0

I have over 10000 files in a folder. I was using an Rscript to preprocess the files. It displayed an error:

Error in read.table(wd, comment.char ="#", header=T, sep='\t'): empty beginning of file

When I opened the file in a text editor the file was empty but the size of the file was around 4 MB. Next, I opened the file in a Notepad++, I was able to see the content as NULL NULL NULL ... NULL

File example

I want to move these kind of files from the folder to another folder. How can I accomplish this?

Destroy666
  • 12,350
svp
  • 103
  • 2

1 Answers1

2

Testing a single file

grep in the following command will return exit status 0 if some_file contains at least one null character:

<some_file tr -dc '\0' | tr '\0' '\n' | grep -q ''

Unless the shell option pipefail is set, the exit status of grep will become the exit status of the whole pipeline, if trs exit. pipefail is unset by default and you want it this way (see what may happen otherwise).

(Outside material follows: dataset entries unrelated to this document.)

Lemma gev_pow_near0 [g y] : g != 0 -> 0 < y ->
  `|(if 0 < g then 0 else 1) - expR (- y `^ (- g^-1))| <= y `^ `|g^-1|.
Proof.
move=> g0 y0; case: ifPn => [gp|gn].
- have gi : 0 < g^-1 by rewrite invr_gt0.
  rewrite (gtr0_norm gi) powRN sub0r normrN gtr0_norm ?expR_gt0 // expRN.
  have Y0 : 0 < y `^ g^-1 by rewrite powR_gt0.
  rewrite -[leRHS]invrK lef_pV2 ?posrE ?expR_gt0 ?invr_gt0 //.
  by have := expR_ge1Dx (y `^ g^-1)^-1; lra.
- have gi : g^-1 < 0 by rewrite invr_lt0 lt_neqAle g0 leNgt gn.
  rewrite (ltr0_norm gi).
  have e1 : expR (- y `^ (- g^-1)) < 1 by rewrite expR_lt1 oppr_lt0 powR_gt0.
  rewrite ger0_norm; last by rewrite subr_ge0 ltW.
  by have := expR_ge1Dx (- y `^ (- g^-1)); lra.
Qed.

Lemma continuous_gev_pow g w : g != 0 -> {for w, continuous (gev_pow g)}.
Proof.
move=> g0; have [wn|wp|->] := ltgtP w 0.
- rewrite /prop_for /continuous_at {2}/gev_pow ltNge ltW //.
  apply: cvg_near_cst; near=> y; have yn : y < 0 by near: y; exact: lt_nbhsl.
  by rewrite /gev_pow ltNge ltW.
- have cexp : {for w, continuous (fun y => expR (- y `^ (- g^-1)))}.
    apply: continuous_comp; last exact: continuous_expR.
    exact: cvgN (continuous_powR _ wp).
  rewrite /prop_for /continuous_at {2}/gev_pow wp.
  apply: cvg_trans cexp; apply: near_eq_cvg; near=> y.
  have yp : 0 < y by near: y; exact: lt_nbhsr.
  by rewrite /gev_pow yp.
- rewrite /prop_for /continuous_at {2}/gev_pow ltxx.
  apply/cvgrPdist_lt => e e0.
  have q0 : 0 < `|g^-1| by rewrite normr_gt0 invr_eq0.
  move: (powR_cvg0 q0) => /cvgr_lt /(_ e e0).
  rewrite near_withinE; apply: filterS => y ye.
  rewrite /gev_pow; have [yp|_] := ltP 0 y; last by rewrite subrr normr0.
  exact: le_lt_trans (gev_pow_near0 g0 yp) (ye yp).
Unshelve. all: end_near.
Qed.

Lemma continuous_GEV g z : {for z, continuous (GEV g)}.
Proof.
have [->|g0] := eqVneq g 0.
  rewrite /prop_for /continuous_at /GEV eqxx.
  apply: continuous_comp; last exact: continuous_expR.
  apply: cvgN; apply: continuous_comp; last exact: continuous_expR.
  exact: cvgN cvg_id.
have -> : GEV g = (fun z => gev_pow g (1 + g * z)).
  by apply/funext => y; rewrite GEV_gev_pow.
apply: continuous_comp; last exact: continuous_gev_pow.
by apply: cvgD; [exact: cvg_cst | apply: cvgMr; exact: cvg_id].
Qed.

End GEV_continuity.

Section maxima.
Context {R : realType} {d : measure_display} {T : measurableType d}.

Lemma measurable_Mmax (X : nat -> T -> R) N :
  (forall t, measurable_fun setT (X t)) -> measurable_fun setT (Mmax X N).
Proof.
move=> mX; rewrite /Mmax; elim: (index_iota 1 N.+1) => [|i s IHs].
  by under eq_fun do rewrite big_nil; exact: mX.
by under eq_fun do rewrite big_cons; exact: measurable_realfun.measurable_maxr.
Qed.

Lemma nondecreasing_prob_le (P : probability T R) [f : T -> R] :
  measurable_fun setT f -> {homo (fun t => fine (P [set w | f w <= t])) : s u / s <= u}.
Proof.
move=> mf s u su.
have mle t : measurable [set w | f w <= t].
  have := mf measurableT _ (measurable_itv `]-oo, t]); rewrite setTI.
  by congr measurable; apply/seteqP; split => w /=; rewrite in_itv.
apply: fine_le; rewrite ?fin_num_measure //.
by apply: le_measure; rewrite ?inE // => w /= /le_trans; apply.
Qed.

End maxima.

Theorem lemma2p2 (R : realType) (d : measure_display) (T : measurableType d)
  (P : probability T R) (X : nat -> T -> R)
  (gam rho theta lam : R) (a A : R -> R) (m k : nat -> nat) :
  (forall t, measurable_fun setT (X t)) ->
  strictly_stationary P X ->
  continuous (stat_cdf P X) ->
  rho <= 0 -> 0 < theta <= 1 ->
  let b := fun t : R => geninv (stat_cdf P X) (expR (- t^-1)) in
  (forall s, 0 < s -> 0 < a s) ->
  ((\forall s \near +oo, 0 < A s) \/ (\forall s \near +oo, A s < 0)) ->
  A @ +oo --> 0 ->
  (forall x, 0 < x ->
     (fun s => (A s)^-1 * ((b (s * x) - b s) / a s - h_int gam x)) @ +oo
       --> Hgr gam rho x) ->
  (fun n => (m n)%:R : R) @ \oo --> +oo ->
  (fun n => (k n)%:R : R) @ \oo --> +oo ->
  (fun n => Num.sqrt (k n)%:R * A (m n)%:R) @ \oo --> lam ->
  let a_th := fun t : R => a t * theta `^ gam in
  let b_th := fun t : R => b t + a t * hpow gam theta in
  [/\ (fun n => Num.sqrt (k n)%:R *
          (a_th (m n)%:R / a (theta * (m n)%:R) - 1)) @ \oo
        --> - lam * hpow rho theta,
      (fun n => Num.sqrt (k n)%:R *
          ((b_th (m n)%:R - b (theta * (m n)%:R)) / a (theta * (m n)%:R)))
        @ \oo --> lam * theta `^ rho * Hgr gam rho theta^-1
                  + lam * hpow rho theta * (- hpow (- gam) theta)
    & (forall z, (fun N : nat => fine (P [set w | Mmax X N w <= a_th N%:R * z + b_th N%:R]))
                   @ \oo --> GEV gam z) ->
      forall z, (fun n => fine (P [set w | Mmax X (m n) w <=
                     a (theta * (m n)%:R) * z + b (theta * (m n)%:R)]))
                  @ \oo --> GEV gam z].
Proof.
move=> mX _ _ _ /andP[th0 _] b a_gt0 A_sign A_cvg0 b_2RV m_oo _ rate a_th b_th.
have A_neq0 : \forall s \near +oo, A s != 0.
  by case: A_sign => A_sign; apply: filterS A_sign => s; [move/gt_eqF->|move/lt_eqF->].
have dev_cvg x : 0 < x -> (fun s => (A s)^-1 * ((b (s * x) - b s) / a s - hpow gam x))
    @ +oo --> Hgr_formula gam rho x.
  by move=> x0; rewrite -h_intE // -HgrE //; exact: b_2RV.
have a_rate := a_theta_rate a_gt0 A_neq0 A_cvg0 dev_cvg th0.
have b_rate := b_theta_rate a_gt0 A_neq0 A_cvg0 dev_cvg th0.
split.
- rewrite mulNr -mulrN.
  exact: (cvg_rate_comp (fun s => a_th s / a (theta * s) - 1) A_neq0 a_rate m_oo rate).
- have -> : lam * theta `^ rho * Hgr gam rho theta^-1
      + lam * hpow rho theta * (- hpow (- gam) theta) =
      lam * - ((theta `^ gam)^-1 * Hgr_formula gam rho theta).
    by rewrite -HgrE // -HgrV //; ring.
  exact: (cvg_rate_comp (fun s => (b_th s - b (theta * s)) / a (theta * s))
    A_neq0 b_rate m_oo rate).
move=> Hz z; have m_nat : m @ \oo --> \oo by apply/(@cvgrnyP R).
have m_gt0 : \forall n \near \oo, 0 < ((m n)%:R : R) := m_oo _ (nbhs_pinfty_gt (num_real 0)).
apply: (cvg_types (fun n t => fine (P [set w | Mmax X (m n) w <= t])) _
  (fun n => a_th (m n)%:R) (fun n => b_th (m n)%:R)).
- by apply: nearW => n; exact: (nondecreasing_prob_le P (measurable_Mmax _ (m n) mX)).
- by apply: filterS m_gt0 => n mn0; rewrite mulr_gt0 ?a_gt0 ?powR_gt0.
- by move=> w; exact: cvg_comp _ _ m_nat (Hz w).
- exact: continuous_GEV.
- apply/subr_cvg0.
  exact: cvg_comp _ _ m_oo
    (cvg_rate0 (fun s => a_th s / a (theta * s) - 1) A_neq0 a_rate A_cvg0).
- exact: cvg_comp _ _ m_oo
    (cvg_rate0 (fun s => (b_th s - b (theta * s)) / a (theta * s)) A_neq0 b_rate A_cvg0).
Qed.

I wrote "if trs exit" because after grep exits the second tr needs to write something in order to get SIGPIPE; then the first tr needs to write something in order to get SIGPIPE; only then the pipe is considered terminated. It may happen the first tr keeps and keeps reading even if grep exits early and the outcome is known. If some_file is a special file generating a neverending stream of bytes (similar to e.g. /dev/urandom) and there is not enough null bytes in the stream then the pipe will never exit. For a regular file the worst case scenario is when the first tr exits after reading the whole file. If some_file is a regular file then trs will exit eventually for sure.

This answer of mine explains a trick you can use to speed things up. In your case the trick will leave tr(s) in the background. Since you're going to test many files, piling up trs is not a good idea.

In practice it's often enough to test the very beginning of a file. The following command will read up to 2 KiB of some_file and analyze only this part:

head -c 2048 some_file | tr -dc '\0' | tr '\0' '\n' | grep -q ''

Alternatively you can use the command file, for a big file it won't read the whole file either. Here we generate exit status 0 if file --mime-type does not print text/whatever:

! file --brief --mime-type some_file | grep -q 'text/'

I expect the two commands to agree in vast majority of cases; there may be cases (files) where they differ though.


Testing many files (and moving accordingly)

This snippet will loop over files in the current working directory, test regular files and move them accordingly:

#!/bin/bash
(
shopt -s nullglob
for f in ./*; do
   [ -f "$f" ] \
   && ! [ -L "$f" ] \
   && head -c 2048 "$f" | tr -dc '\0' | tr '\0' '\n' | grep -q '' \
   && mv -v "$f" /target/directory/
done
)

Notes:

  • Create /target/directory/ beforehand.

  • You can use the other test. The relevant line will be:

       && ! file --brief --mime-type "$f" | grep -q 'text/' \
    
  • The subshell (…) is in case you want to paste the code into an interactive shell. Thanks to the subshell, the code won't change anything in your current shell.

  • Normally * does not match hidden files. Append dotglob to the shopt -s line to make * match hidden files.

  • If you want recursiveness, append globstar to the shopt -s line and use ./** instead of ./*. Be careful, if there are files with identical names then you may lose data; consider mv -i.

  • We want to conditionally move regular files. [ -f "$f" ] checks if we're dealing with a regular file; but it also succeeds for a symlink to (a symlink to (a symlink to (…))) a regular file. This is the reason we additionally check if the file is not a symlink (! [ -L "$f" ]). If you want the code to treat symlinks to regular files like regular files then delete the whole line containing [ -L (including the terminating newline character).

  • In general commands and code in this answer are not portable. You tagged and said the OS is Ubuntu, I made use of what Bash and Ubuntu provide.

  • A solution with find is possible. Each of our tests is a pipeline, so find would have to spawn shell(s) anyway.